Thursday, March 23, 2017

Can I do anything right??

Have you ever felt like you can't do anything right? I have. The expectations of hard to please people in my life or my own unmet expectations on how to run my home or homeschool my guys.  Feelings of  constant failure are such a heavy weight to carry. 

I am five chapters into handwriting the book of Leviticus and I am overwhelmed by the amount of law that God gave to Moses and the Children of Israel.  There are even detailed laws and sacrifices required for unknown and unintentional sins.  The only hope found is in the repeated phrase "he will be forgiven".... if all the requirements of the sacrifice are met.  There is a sense of constantly looking for what you have done wrong so that a sacrifice can be made to atone for that sin. 

I wonder how Moses felt as he was writing these laws and then delivering them to the Children of Israel.  Did he feel a heavy weight or hopelessness knowing that they would never be able to keep all these laws?  What was his delivery like? Was it gracious or was it harsh?  It brings to mind how I tend to deliver difficult news to my children.  I try to encourage them to try and do their best.  That failure is ok.  My recent phrase is "You have to learn to fail well, because we all do."  But this still seems hard for me to wrap my mind around.  I imagine Moses saying, "Here are the rules that you will never be able to follow, but you have to do it or God will be angry with you.  But He always will be, because you will never be able to fulfill it all. Have fun with that!"  I imagine Moses feeling the weight of it.  The Law it weighty, God meant it to be.

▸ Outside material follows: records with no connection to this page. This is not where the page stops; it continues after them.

(* Let $r\ge1$ and let $k_1,\dots,k_{r+1}$ be positive integers. Then in $\mathfrak{H}^1[[t]]$, $$\widehat{\phi}\bigl((z_{k_1}ш\cdotsш z_{k_r})x^{k_{r+1}}\bigr)=(z_{k_1}ш\cdotsш z_{k_r})x^{k_{r+1}}+\sum_{i=1}^r(-1)^{k_i+k_{r+1}}\sum_{l,l'\ge0}\binom{k_i+l-1}{l}\binom{k_{r+1}+l'-1}{l'}\bigl(z_{k_1}ш\cdotsш\check{z}_{k_i}ш\cdotsш z_{k_r}ш z_{k_{r+1}+l'}\bigr)x^{k_i+l}\,t^{l+l'},$$ where $\check{z}_{k_i}$ means the factor $z_{k_i}$ is omitted.
   Context: $\mathfrak{H}=\mathbb{Q}\langle x,y\rangle$, $\mathfrak{H}^1=\mathbb{Q}+y\mathfrak{H}$, $z_k=yx^{k-1}$, $z_{\boldsymbol{k}}=z_{k_1}\cdots z_{k_r}$, $z_\varnothing=1$. The shuffle product $ш$ on $\mathfrak{H}$ is the $\mathbb{Q}$-bilinear map with $aш1=1шa=a$ and $(a_1u_1)ш(a_2u_2)=(a_1ш a_2u_2)u_1+(a_1u_1ш a_2)u_2$ for $a_1,a_2\in\mathfrak{H}$, $u_1,u_2\in\{x,y\}$, extended $\mathbb{Q}[[t]]$-bilinearly. For tuples $\boldsymbol{k}=(k_1,\dots,k_r)$, $\boldsymbol{l}=(l_1,\dots,l_r)$ of nonnegative integers: $\mathrm{wt}(\boldsymbol{k})=\sum k_i$, $\overline{\boldsymbol{k}}=(k_r,\dots,k_1)$, $\boldsymbol{k}+\boldsymbol{l}=(k_1+l_1,\dots,k_r+l_r)$, $b\binom{\boldsymbol{k}}{\boldsymbol{l}}=\prod_i\binom{k_i+l_i-1}{l_i}$ with $\binom{l-1}{l}=\delta_{l,0}$, $\boldsymbol{k}_{[i]}=(k_1,\dots,k_i)$, $\boldsymbol{k}^{[i]}=(k_{i+1},\dots,k_r)$. The $t$-adic symmetrization map is the $\mathbb{Q}[[t]]$-linear map $\widehat{\phi}:\mathfrak{H}^1[[t]]\to\mathfrak{H}^1[[t]]$ defined on an index $\boldsymbol{k}$ of depth $r$ by $$\widehat{\phi}(z_{\boldsymbol{k}})=\sum_{i=0}^r(-1)^{\mathrm{wt}(\boldsymbol{k}^{[i]})}z_{\boldsymbol{k}_{[i]}}\,ш\sum_{\boldsymbol{l}\in\mathbb{Z}_{\ge0}^{r-i}}b\binom{\boldsymbol{k}^{[i]}}{\boldsymbol{l}}z_{\overline{\boldsymbol{k}^{[i]}+\boldsymbol{l}}}\,t^{\mathrm{wt}(\boldsymbol{l})}.$$ *)

From mathcomp Require Import all_boot all_order all_algebra.
Set Implicit Arguments. Unset Strict Implicit. Unset Printing Implicit Defensive.
Import Order.TTheory GRing.Theory Num.Theory.
Local Open Scope ring_scope.

Definition word := seq bool.
Definition xL : bool := false.
Definition yL : bool := true.

Definition zl (k : nat) : word := yL :: nseq k.-1 xL.
Definition zw (ks : seq nat) : word := flatten (map zl ks).

(* Elements of H = Q<x,y> are represented as formal finite Q-linear
   combinations of words; two formal sums denote the same element iff
   their coefficient functions [coef] agree. *)
Definition fsum := seq (rat * word).
Definition coef (p : fsum) (w : word) : rat :=
  \sum_(cw <- p | cw.2 == w) cw.1.
Definition fs_word (w : word) : fsum := [:: (1, w)].
Definition fs_scale (c : rat) (p : fsum) : fsum :=
  [seq (c * cw.1, cw.2) | cw <- p].
Definition fs_rcat (p : fsum) (u : word) : fsum :=
  [seq (cw.1, cw.2 ++ u) | cw <- p].

(* Shuffle of words, following the recursive definition
   (a1 u1) ш (a2 u2) = (a1 ш a2 u2) u1 + (a1 u1 ш a2) u2,
   computed on reversed words (the last letter becomes the head).
   The result is the multiset of words of the shuffle (coefficient 1 each). *)
Fixpoint shr (a b : word) : seq word :=
  match a with
  | [::] => [:: b]
  | u1 :: a1 =>
      let fix shr_b (b : word) : seq word :=
        match b with
        | [::] => [:: a]
        | u2 :: b1 => map (cons u1) (shr a1 (u2 :: b1)) ++ map (cons u2) (shr_b b1)
        end in shr_b b
  end.
Definition wshuffle (a b : word) : seq word := map rev (shr (rev a) (rev b)).

Definition fs_shuffle (p q : fsum) : fsum :=
  flatten [seq flatten [seq [seq (cw1.1 * cw2.1, w) | w <- wshuffle cw1.2 cw2.2]
                       | cw2 <- q] | cw1 <- p].

Definition shuffle_list (ks : seq nat) : fsum :=
  foldr (fun k p => fs_shuffle (fs_word (zl k)) p) (fs_word [::]) ks.

Fixpoint comps (m n : nat) : seq (seq nat) :=
  match m with
  | 0 => if n == 0%N then [:: [::]] else [::]
  | m'.+1 => flatten [seq [seq j :: l | l <- comps m' (n - j)] | j <- iota 0 n.+1]
  end.

(* b(k; l) = prod_i binom(k_i + l_i - 1, l_i); with truncated subtraction
   'C(0 + l - 1, l) = delta_{l,0}, matching the convention. *)
Definition bcoef (ks ls : seq nat) : nat :=
  \prod_(p <- zip ks ls) 'C(p.1 + p.2 - 1, p.2).

(* Coefficient of t^n in hat-phi(z_k), for an index k. *)
Definition phihat_word (ks : seq nat) (n : nat) : fsum :=
  flatten [seq
    let kl := take i ks in
    let kr := drop i ks in
    fs_scale ((-1) ^+ sumn kr)
      (fs_shuffle (fs_word (zw kl))
         (flatten [seq fs_scale (bcoef kr l)%:R
                         (fs_word (zw (rev [seq p.1 + p.2 | p <- zip kr l])))
                  | l <- comps (size kr) n]))
  | i <- iota 0 (size ks).+1].

(* Index of a word y x^(a_1) y x^(a_2) ... y x^(a_r) in H^1: (a_1+1,...,a_r+1);
   the empty word has the empty index. (Only meaningful on words of H^1.) *)
Fixpoint idx_aux (acc : nat) (w : word) : seq nat :=
  match w with
  | [::] => [:: acc]
  | b :: w' => if b then acc :: idx_aux 1 w' else idx_aux acc.+1 w'
  end.
Definition idx_of (w : word) : seq nat :=
  match w with [::] => [::] | _ :: w' => idx_aux 1 w' end.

God had a purpose and a plan in all our failing and in His constant forgiveness.  All these laws were with a specific purpose in mind. God had a plan.  All of our striving leads to  nowhere.  At last,  God steps in with the solution.  Jesus. The weight of the law is still there, but He carries it. I will no longer buckle at the pressure because I am found in Him.   All laws are fulfilled in Him.  My striving has to cease.  And when I pick it back up again, it makes the cross seem worthless.  Obedience out of striving is worthless legalism.  Obedience from the heart gives life.  I want to see these laws with joy in my heart.  That while God required me to fulfill them, He also made a way for me to be able to live in that fulfillment, because of Christ.

Father, let me walk not in the hopelessness of laws and sacrifices, but let me walk in the freedom of your Holy Spirit where obedience from the heart gives me life abundantly in you alone.